# Rapidshare downloads



## tejesh (Dec 4, 2005)

Is there any download accelerator/manager with which I can download multiple rapidshare files with resume support?


----------



## QwertyManiac (Dec 4, 2005)

Dunno about resume but u can use Flashget for simultaneous d/ls


----------



## imported_dheeraj_kumar (Dec 4, 2005)

multiple rs files......u need a premium......some people just hack a rs premium account and put it in the net for everone to use...it ILLEGAL.....mind you.......but thats just a disclaimer.........doesnt prevent me from using it...
sorry, but by the rules and regulations of this forum i cannot tell you the premium username and pword....but google for it...........again, its illegal.....

abt the file resuming....use flashget 1.71 with the 30-split hack and the download speed in 'cable modem' for the best results.

u need to put the addrss of the file in the referrer box in flashget for it to work....


----------



## choudang (Dec 4, 2005)

you can download multiple files from rapidshare... for that you have to flash your IP dynamically [you need a .bat file]. if *Admin* and *Mod*, both are agree.. i can put the code here. cuz i don't want any *on a warning* or *banned* tags with my id.

you can't resume the downloads from rapidshare without premium accouts.


----------



## LordDJ (Dec 4, 2005)

try Universal share downloader


----------



## shwetanshu (Dec 4, 2005)

i dont think the bat file u r talking about is illegal, its just for changing ip.. now wat can u do if someone uses it for other reasons


----------



## choudang (Dec 4, 2005)

assume that, you are using BSNL BB connection. when you dial it up, the server gives you a IP which is dynamic, you can't change it up without disconnecting. this bat file plays the click when you run it up.

what is the logic behind this? it flashes the IP from the server and you have one new IP. when you are downloading one file from rapidshare, just run the file and download another file.

i need the permission to post the code....


----------



## imported_dheeraj_kumar (Dec 4, 2005)

@warrior

does this bat file by any chance use php?


----------



## shwetanshu (Dec 4, 2005)

na just the ipconfig command....


----------



## choudang (Dec 4, 2005)

yes.. some ipconfig commands.... can you flash the DNS to release a new IP when you are still connected?


----------



## jay4u (Dec 4, 2005)

PAY FOR THE PREMIUM ACCOUNT....... AND ENJOY THE FREE SIMULTANEOUS DOWNLOADS


----------



## infra_red_dude (Dec 4, 2005)

well, i think the commands to renew ip address haf been posted in the tutorials section. search...

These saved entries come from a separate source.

(* Write x = 2H.  The lag-k term is the second difference r_k(x) of t |-> t^x at
   k - 1 (with 0^x = 0), and r_1 + ... + r_m telescopes to (m+1)^x - m^x - 1,
   which is nondecreasing in x.  For x in [0,1] the power is concave with convex
   derivative, so the r_k are <= 0 and nondecreasing in k; for x in [1,2] they
   are >= 0 and nonincreasing.  In both regimes |r_k| decreases in k while the
   partial sums of |r(x)| move monotonically with x (down on [0,1], up on
   [1,2]), so Abel summation shows that F^1 = sum |r_k|^2 and
   F^2 = sum (N-k+1) |r_k| decrease in H on [0,1/2] and increase on [1/2,1).
   With u = 1 - H the weight (H-1/2)^2/(1-H) is u + 1/(4u) - 1, which has the
   same monotonicity, vanishes only at H = 1/2 and blows up as H -> 1; the
   lag-one term |2^(2H) - 2| keeps F^i positive away from H = 1/2. *)

(** * Differences of functions with monotone derivatives *)

Lemma Rle_of_is_derive_nonneg (f df : R -> R) a b : a <= b ->
  (forall t, a <= t <= b -> is_derive f t (df t)) ->
  (forall t, a <= t <= b -> 0 <= df t) -> f a <= f b.
Proof.
  intros Hab Hd Hpos.
  destruct (Rle_lt_or_eq_dec _ _ Hab) as [Hlt|<-]; [|lra].
  destruct (MVT_cor2 f df a b Hlt) as [c [Hmvt Hc]].
  - intros t Ht. apply is_derive_Reals, Hd, Ht.
  - assert (0 <= df c) by (apply Hpos; lra). nra.
Qed.

Lemma chord_le_of_derive_nondecreasing (f df : R -> R) a c b : a <= c <= b ->
  (forall t, a <= t <= b -> is_derive f t (df t)) ->
  (forall s t, a <= s <= t -> t <= b -> df s <= df t) ->
  f c * (b - a) <= f a * (b - c) + f b * (c - a).
Proof.
  intros [Hac Hcb] Hd Hmono.
  destruct (Rle_lt_or_eq_dec _ _ Hac) as [Hac'|<-]; [|lra].
  destruct (Rle_lt_or_eq_dec _ _ Hcb) as [Hcb'|<-]; [|lra].
  destruct (MVT_cor2 f df a c Hac') as [u [Hu Hu_in]].
  { intros t Ht. apply is_derive_Reals, Hd. lra. }
  destruct (MVT_cor2 f df c b Hcb') as [v [Hv Hv_in]].
  { intros t Ht. apply is_derive_Reals, Hd. lra. }
  assert (df u <= df v) by (apply Hmono; lra).
  assert (0 <= (df v - df u) * ((c - a) * (b - c))) by (apply Rmult_le_pos; nra).
  nra.
Qed.
(* Let $\bm S\in\mathcal{S}^N$ with eigendecomposition $\bm S=\bm Q\bm\Lambda\bm Q^T$, $\bm Q\in{\rm O}(N)$, $\bm\Lambda\in\mathcal{D}_N$ with non-increasing diagonal entries. Let $\bm\Lambda_o\in\mathcal{D}_N$ have non-increasing diagonal entries, let $0\le\epsilon<\infty$, and let $\mathcal{M}_\epsilon:=\{\bm V(\bm\Lambda_o+\bm\Lambda_\epsilon)\bm V^T:\ \bm V\in{\rm O}(N),\ \bm\Lambda_\epsilon\in\mathcal{D}_N,\ \Vert\bm\Lambda_\epsilon\Vert_2\le\epsilon\}$. Let $$\bm\Lambda_\epsilon^*:=\arg\min_{\bm\Lambda_\epsilon\in\mathcal{D}_N,\ \Vert\bm\Lambda_\epsilon\Vert_2\le\epsilon}\Vert\bm\Lambda-\bm\Lambda_o-\bm\Lambda_\epsilon\Vert_{\rm F}.$$ Then $\bm Q(\bm\Lambda_o+\bm\Lambda_\epsilon^* )\bm Q^T$ is a best approximant of $\bm S$ in $\mathcal{M}_\epsilon$ in the Frobenius norm, i.e., it belongs to $\mathcal{M}_\epsilon$ and minimizes $\Vert\bm S-\bm M\Vert_{\rm F}$ over $\bm M\in\mathcal{M}_\epsilon$.
   Context: $\mathcal{S}^N$: real symmetric $N\times N$ matrices; $\mathcal{D}_N$: real $N\times N$ diagonal matrices; ${\rm O}(N)$: $N\times N$ orthogonal matrices; $\Vert\cdot\Vert_2$: spectral norm; $\Vert\cdot\Vert_{\rm F}$: Frobenius norm; non-increasing diagonal means $[\bm\Lambda]_{ii}\ge[\bm\Lambda]_{jj}$ for $i<j$. *)

From HB Require Import structures.
From mathcomp Require Import all_boot all_order all_algebra.
Set Implicit Arguments. Unset Strict Implicit. Unset Printing Implicit Defensive.
Import Order.TTheory GRing.Theory Num.Theory.
Local Open Scope ring_scope.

but the best way is to use a proxy server...anonymiser..it protects ur privacy and is 100% legal too!


----------



## shwetanshu (Dec 5, 2005)

na, it doen not work for DSL and LANs, read it on a warez site


----------



## imported_dheeraj_kumar (Dec 5, 2005)

have you tried it shwetanshu?

i have. and i found one which works, too....
its called stealther. i used it and went to a ip-finding site, it said im from nigeria......w00t

after i upgraded to winxp sp2 it doesnt work..wonder why


----------



## choudang (Dec 5, 2005)

the bat file, that i'm talking about it works for me when i tried with BB and SifyIway.


----------